Very slowly now, with vital help from a counsellor at a famous London clinic and a tutor at her state school, she is dragging her life back to normal. Results day next month will certainly show that her GCSE grades have suffered, but despite this her school has already agreed to let her do A levels.

Yet the help she is getting was almost denied her by a combination of the existing guidelines about dealing with abuse and the statutory obligation that proposed new child protection legislation may place on professionals. Institutions are tightening their guidelines to reflect what is expected to be included in a green paper from the minister for children, Margaret Hodge, this autumn. The indications are that it will become an offence for professionals told of abuse not to report it to their area's child-protection teams, which include police, social workers and other agencies. The Home Office is looking at the effects of similarlegislation in other countries.

The crucial professional flexibility from which our daughter is benefiting could be legislated out of existence. In their proper desire to ensure that perpetrators are stopped, our legislators are running a serious risk.

The devastating assaults on our daughter came at two separate times and several years apart. The first, when she was about nine, was at my parents' home. She has a hazy memory of her grandfather fondling her developing breasts. The second time was in our home, when we were out and my parents were looking after her. Her brother, three years older, was on a school journey. She was ill in bed and lonely.

My father went into the room, probably, initially, to check how she was. She asked him to stay, thinking they might play cards. He sat on the bed and put his hand into her top. He fondled her for a while. He does not appear - she has no memory of it, anyway, even in the nightmares she now suffers - to have exposed himself or attempted anything penetrative. Next day, when she came down to breakfast, he smiled at her. She turned on her heel, went upstairs, stripped all her bedding off, remade her bed and stayed in her bedroom.

That is the story as she told it to me the day she first revealed it, and she has not changed it since.
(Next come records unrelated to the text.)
(* In a pre-Hilbert $*$-category, a morphism $a\colon A\to A$ satisfies $a\succ 0$ if and only if $a=x^*x$ for some object $X$ and some isomorphism $x\colon A\to X$.
   Context: A $*$-category is a category with a choice of $f^*\colon Y\to X$ for each $f\colon X\to Y$ such that $1^*=1$, $(gf)^*=f^*g^*$, $(f^* )^*=f$. A pre-Hilbert $*$-category is a $*$-category with (R1) a zero object, (R2) orthonormal biproducts of all pairs of objects (biproducts $(X,s_1,r_1,s_2,r_2)$ with $r_k=s_k^*$), (R3) an isometric kernel (kernel $m$ with $m^*m=1$) for every morphism, and (R4) every diagonal $\Delta\colon X\to X\oplus X$ a kernel of some morphism; such a category is additive. For a Hermitian endomorphism $a$ ($a^*=a$) of $A$, $a\geq 0$ means $a=y^*y$ for some object $Y$ and $y\colon A\to Y$, and $a\succ 0$ means $a\geq 0$ and $a$ is invertible. *)

Set Implicit Arguments.
Unset Strict Implicit.

(* A *-category. [comp g f] is g ∘ f. Hom-sets are types, equality is Leibniz. *)
Record StarCat := {
  ob :> Type;
  hom : ob -> ob -> Type;
  idm : forall X : ob, hom X X;
  comp : forall X Y Z : ob, hom Y Z -> hom X Y -> hom X Z;
  star : forall X Y : ob, hom X Y -> hom Y X;
  comp_assoc : forall (W X Y Z : ob) (h : hom Y Z) (g : hom X Y) (f : hom W X),
      comp h (comp g f) = comp (comp h g) f;
  comp_id_l : forall (X Y : ob) (f : hom X Y), comp (idm Y) f = f;
  comp_id_r : forall (X Y : ob) (f : hom X Y), comp f (idm X) = f;
  star_id : forall X : ob, star (idm X) = idm X;
  star_comp : forall (X Y Z : ob) (g : hom Y Z) (f : hom X Y),
      star (comp g f) = comp (star f) (star g);
  star_star : forall (X Y : ob) (f : hom X Y), star (star f) = f
}.

Arguments hom {s} _ _.
Arguments idm {s} _.
Arguments comp {s X Y Z} _ _.
Arguments star {s X Y} _.

Section Defs.
Variable C : StarCat.

Definition is_zero_object (Z : C) : Prop :=
  forall X : C, (exists! f : hom X Z, True) /\ (exists! f : hom Z X, True).

Definition is_zero_mor {X Y : C} (f : hom X Y) : Prop :=
  exists (Z : C) (g : hom X Z) (h : hom Z Y), is_zero_object Z /\ f = comp h g.

Definition is_biproduct (X Y P : C) (s1 : hom X P) (r1 : hom P X)
    (s2 : hom Y P) (r2 : hom P Y) : Prop :=
  comp r1 s1 = idm X /\ comp r2 s2 = idm Y /\
  is_zero_mor (comp r2 s1) /\ is_zero_mor (comp r1 s2) /\
  (forall (W : C) (f : hom W X) (g : hom W Y),
      exists! h : hom W P, comp r1 h = f /\ comp r2 h = g) /\
  (forall (W : C) (f : hom X W) (g : hom Y W),
      exists! h : hom P W, comp h s1 = f /\ comp h s2 = g).

Definition is_orthonormal_biproduct (X Y P : C) (s1 : hom X P) (r1 : hom P X)
    (s2 : hom Y P) (r2 : hom P Y) : Prop :=
  is_biproduct s1 r1 s2 r2 /\ r1 = star s1 /\ r2 = star s2.

Definition is_kernel {K X Y : C} (f : hom X Y) (m : hom K X) : Prop :=
  is_zero_mor (comp f m) /\
  forall (W : C) (g : hom W X), is_zero_mor (comp f g) ->
    exists! h : hom W K, comp m h = g.

Definition is_isometry {X Y : C} (m : hom X Y) : Prop := comp (star m) m = idm X.

Definition is_iso {X Y : C} (x : hom X Y) : Prop :=
  exists y : hom Y X, comp y x = idm X /\ comp x y = idm Y.

Definition hermitian {A : C} (a : hom A A) : Prop := star a = a.

Definition pos {A : C} (a : hom A A) : Prop :=
  hermitian a /\ exists (Y : C) (y : hom A Y), a = comp (star y) y.

Definition strictly_pos {A : C} (a : hom A A) : Prop := pos a /\ is_iso a.

End Defs.

Record PreHilbertStarCat := {
  phcat :> StarCat;
  R1_zero : exists Z : phcat, is_zero_object Z;
  R2_biproducts : forall X Y : phcat, exists (P : phcat) (s1 : hom X P) (r1 : hom P X)
      (s2 : hom Y P) (r2 : hom P Y), is_orthonormal_biproduct s1 r1 s2 r2;
  R3_kernels : forall (X Y : phcat) (f : hom X Y),
      exists (K : phcat) (m : hom K X), is_kernel f m /\ is_isometry m;
  R4_diagonals : forall (X P : phcat) (s1 : hom X P) (r1 : hom P X)
      (s2 : hom X P) (r2 : hom P X),
      is_orthonormal_biproduct s1 r1 s2 r2 ->
      forall d : hom X P, comp r1 d = idm X -> comp r2 d = idm X ->
      exists (Z : phcat) (g : hom P Z), is_kernel g d
}.

(* If a = y^* y is invertible with inverse b, then r := b y^* is a left
   inverse of y, so e := y r is an idempotent on Y.  The equalizer of 1 and e,
   built as the isometric kernel of (c ∘ <1, e>) where c has the diagonal as
   kernel, splits e: y = m x with m an isometry and x an isomorphism (with
   inverse r m).  Hence a = x^* m^* m x = x^* x. *)

Set Implicit Arguments.
Unset Strict Implicit.

Section StarCategory.
Variable C : StarCat.

Lemma zero_mor_comp_r (X Y W : C) (f : hom X Y) (h : hom W X) :
  is_zero_mor f -> is_zero_mor (comp f h).
Proof.
  intros [Z [g [k [HZ ->]]]]. exists Z, (comp g h), k. split; [exact HZ|].
  now rewrite comp_assoc.
Qed.

Lemma isometry_cancel_l (X Y W : C) (m : hom X Y) (p q : hom W X) :
  is_isometry m -> comp m p = comp m q -> p = q.
Proof.
  intros Hm E. rewrite <- (comp_id_l p), <- (comp_id_l q), <- Hm.
  now rewrite <- !comp_assoc, E.
Qed.

Lemma star_comp_isometry (X Y Z : C) (m : hom Y Z) (x : hom X Y) :
  is_isometry m -> comp (star (comp m x)) (comp m x) = comp (star x) x.
Proof.
  intros Hm. rewrite star_comp, <- comp_assoc, (comp_assoc (star m)), Hm.
  now rewrite comp_id_l.
Qed.

Lemma biproduct_hom_ext (X Y P W : C) (s1 : hom X P) (r1 : hom P X)
    (s2 : hom Y P) (r2 : hom P Y) (p q : hom W P) :
  is_biproduct s1 r1 s2 r2 -> comp r1 p = comp r1 q -> comp r2 p = comp r2 q ->
  p = q.
Proof.
  intros (_ & _ & _ & _ & Hprod & _) E1 E2.
  destruct (Hprod W (comp r1 q) (comp r2 q)) as [h [_ Huniq]].
  transitivity h; [symmetry|]; apply Huniq; auto.
Qed.

Lemma is_iso_comp (X Y Z : C) (g : hom Y Z) (f : hom X Y) :
  is_iso f -> is_iso g -> is_iso (comp g f).
Proof.
  intros [f' [Hf'f Hff']] [g' [Hg'g Hgg']]. exists (comp f' g'). split.
  - now rewrite <- comp_assoc, (comp_assoc g'), Hg'g, comp_id_l.
  - now rewrite <- comp_assoc, (comp_assoc f), Hff', comp_id_l.
Qed.

Lemma is_iso_star (X Y : C) (f : hom X Y) : is_iso f -> is_iso (star f).
Proof.
  intros [g [Hgf Hfg]]. exists (star g).
  split; now rewrite <- star_comp, ?Hfg, ?Hgf, star_id.
Qed.

Lemma pos_star_comp (X Y : C) (x : hom X Y) : pos (comp (star x) x).
Proof.
  split.
  - unfold hermitian. now rewrite star_comp, star_star.
  - now exists Y, x.
Qed.

End StarCategory.

Section PreHilbertStarCategory.
Variable C : PreHilbertStarCat.

Lemma isometric_equalizer (X Y : C) (f g : hom X Y) :
  exists (K : C) (m : hom K X),
    is_isometry m /\ comp f m = comp g m /\
    forall (W : C) (h : hom W X), comp f h = comp g h ->
      exists k : hom W K, comp m k = h.
Proof.
  destruct (R2_biproducts Y Y) as (P & s1 & r1 & s2 & r2 & HOB).
  pose proof HOB as [HB _]. pose proof HB as (_ & _ & _ & _ & Hprod & _).
  destruct (Hprod X f g) as [u [[Hu1 Hu2] _]].
  destruct (Hprod Y (idm Y) (idm Y)) as [d [[Hd1 Hd2] _]].
  destruct (R4_diagonals HOB Hd1 Hd2)
    as (Z & c & Hcd0 & Hcd).
  destruct (R3_kernels (comp c u)) as (K & m & (Hcum0 & Hcum) & Hm).
  exists K, m. split; [exact Hm|]. split.
  - rewrite <- comp_assoc in Hcum0.
    destruct (Hcd K (comp u m) Hcum0) as [k [Hdk _]].
    rewrite <- Hu1, <- Hu2, <- !comp_assoc, <- Hdk, !comp_assoc, Hd1, Hd2.
    reflexivity.
  - intros W h Hh.
    assert (Huh : comp u h = comp d (comp f h)).
    { apply (biproduct_hom_ext HB); rewrite !comp_assoc, ?Hu1, ?Hu2, ?Hd1, ?Hd2;
        now rewrite comp_id_l. }
    assert (Hzero : is_zero_mor (comp (comp c u) h)).
    { rewrite <- comp_assoc, Huh, comp_assoc. now apply zero_mor_comp_r. }
    destruct (Hcum W h Hzero) as [k [Hmk _]]. now exists k.
Qed.

Lemma left_invertible_isometry_iso_factor (A Y : C) (y : hom A Y) (r : hom Y A) :
  comp r y = idm A ->
  exists (K : C) (m : hom K Y) (x : hom A K),
    is_isometry m /\ is_iso x /\ y = comp m x.
Proof.
  intros Hry.
  destruct (isometric_equalizer (idm Y) (comp y r)) as (K & m & Hm & Hem & Hfact).
  destruct (Hfact A y) as [x Hmx].
  { now rewrite comp_id_l, <- comp_assoc, Hry, comp_id_r. }
  exists K, m, x. split; [exact Hm|]. split; [|now symmetry].
  exists (comp r m). split.
  - now rewrite <- comp_assoc, Hmx.
  - apply (isometry_cancel_l Hm).
    now rewrite !comp_assoc, Hmx, <- Hem, comp_id_l, comp_id_r.
Qed.

End PreHilbertStarCategory.

Theorem proposition6p3 (C : PreHilbertStarCat) (A : C) (a : hom A A) :
  strictly_pos a <-> exists (X : C) (x : hom A X), is_iso x /\ a = comp (star x) x.
Proof.
  split.
  - intros [[_ [Y [y Ha]]] [b [Hba _]]].
    assert (Hry : comp (comp b (star y)) y = idm A).
    { now rewrite <- comp_assoc, <- Ha. }
    destruct (left_invertible_isometry_iso_factor Hry) as (K & m & x & Hm & Hx & ->).
    exists K, x. split; [exact Hx|].
    now rewrite Ha, star_comp_isometry.
  - intros [X [x [Hx ->]]]. split; [apply pos_star_comp|].
    apply is_iso_comp; [exact Hx | now apply is_iso_star].
Qed.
When I went back through my diaries in search of anything that would put a time frame on it, I found a weekend that absolutely matched what she remembered.

For weeks afterwards, she had suddenly become volatile. She insisted her bedroom was redecorated. I wrote that she was behaving like a proper teenager. Her schoolwork deteriorated afterwards, recovered, then deteriorated again when she told us. The trigger for her telling was a hideous TV advert warning of the dangers of internet chatrooms, which began with a false young voice then panned to the speaker, a seedy middle-aged man.

She told one friend a week before she told me, someone who had been abused and who recognised her upset. The friend asked: "Have you been abused?" That broke my daughter down. The friend urged her to tell us.

She told me when I was nagging about coursework. We were devastated. Our son - whom she insisted had to know - is shattered too.

We thought, I as a journalist, my husband as a former teacher, that we had a good working knowledge of such problems. But we are out of our depth.

Our daughter says she expected, once she told me, that the problem would vanish. When she saw my face, she knew that it would get worse.

She had already considered possible scenarios. She is an avid fan of The Bill and knew that, if the police were involved, she would face intrusive questioning, however sensitive they were. She also recognised that, if my father was questioned, her grandmother would know, and she wants to protect her. Whether she can, long term, is yet to be determined.

Our immediate concerns were to get her help and to work out if my father had other victims. At present his frailty makes that unlikely. My husband and I visited our GP. He heard our story, including how I confronted my father and got a blank denial. The doctor said he would write to our local council's adolescent service. He predicted a wait of six weeks for an appointment. Then he said: "I do not believe I need to refer this to the police." Until then, it had not hit me that there might be no option. Next day, feeling my daughter needed help more urgently, I phoned around the NCH, the Children's Society, Mind and the Rape Crisis Centre. All asked if I had thought through how damaging police involvement could be. Rape Crisis said they advised people to use false names, so there was no accurate information to pass on.

I knew the reputation of the clinic where our daughter is now being treated, so I phoned. They said that if I wrote in she would be seen. When they replied to my letter they said their guidelines meant that the local child protection team had to be told before they saw her.

It was the time when Michael Barrymore was being dragged through the papers, so the effects of going public were painfully obvious. My father is well enough known in his local community for gossip from the police station to be inevitable.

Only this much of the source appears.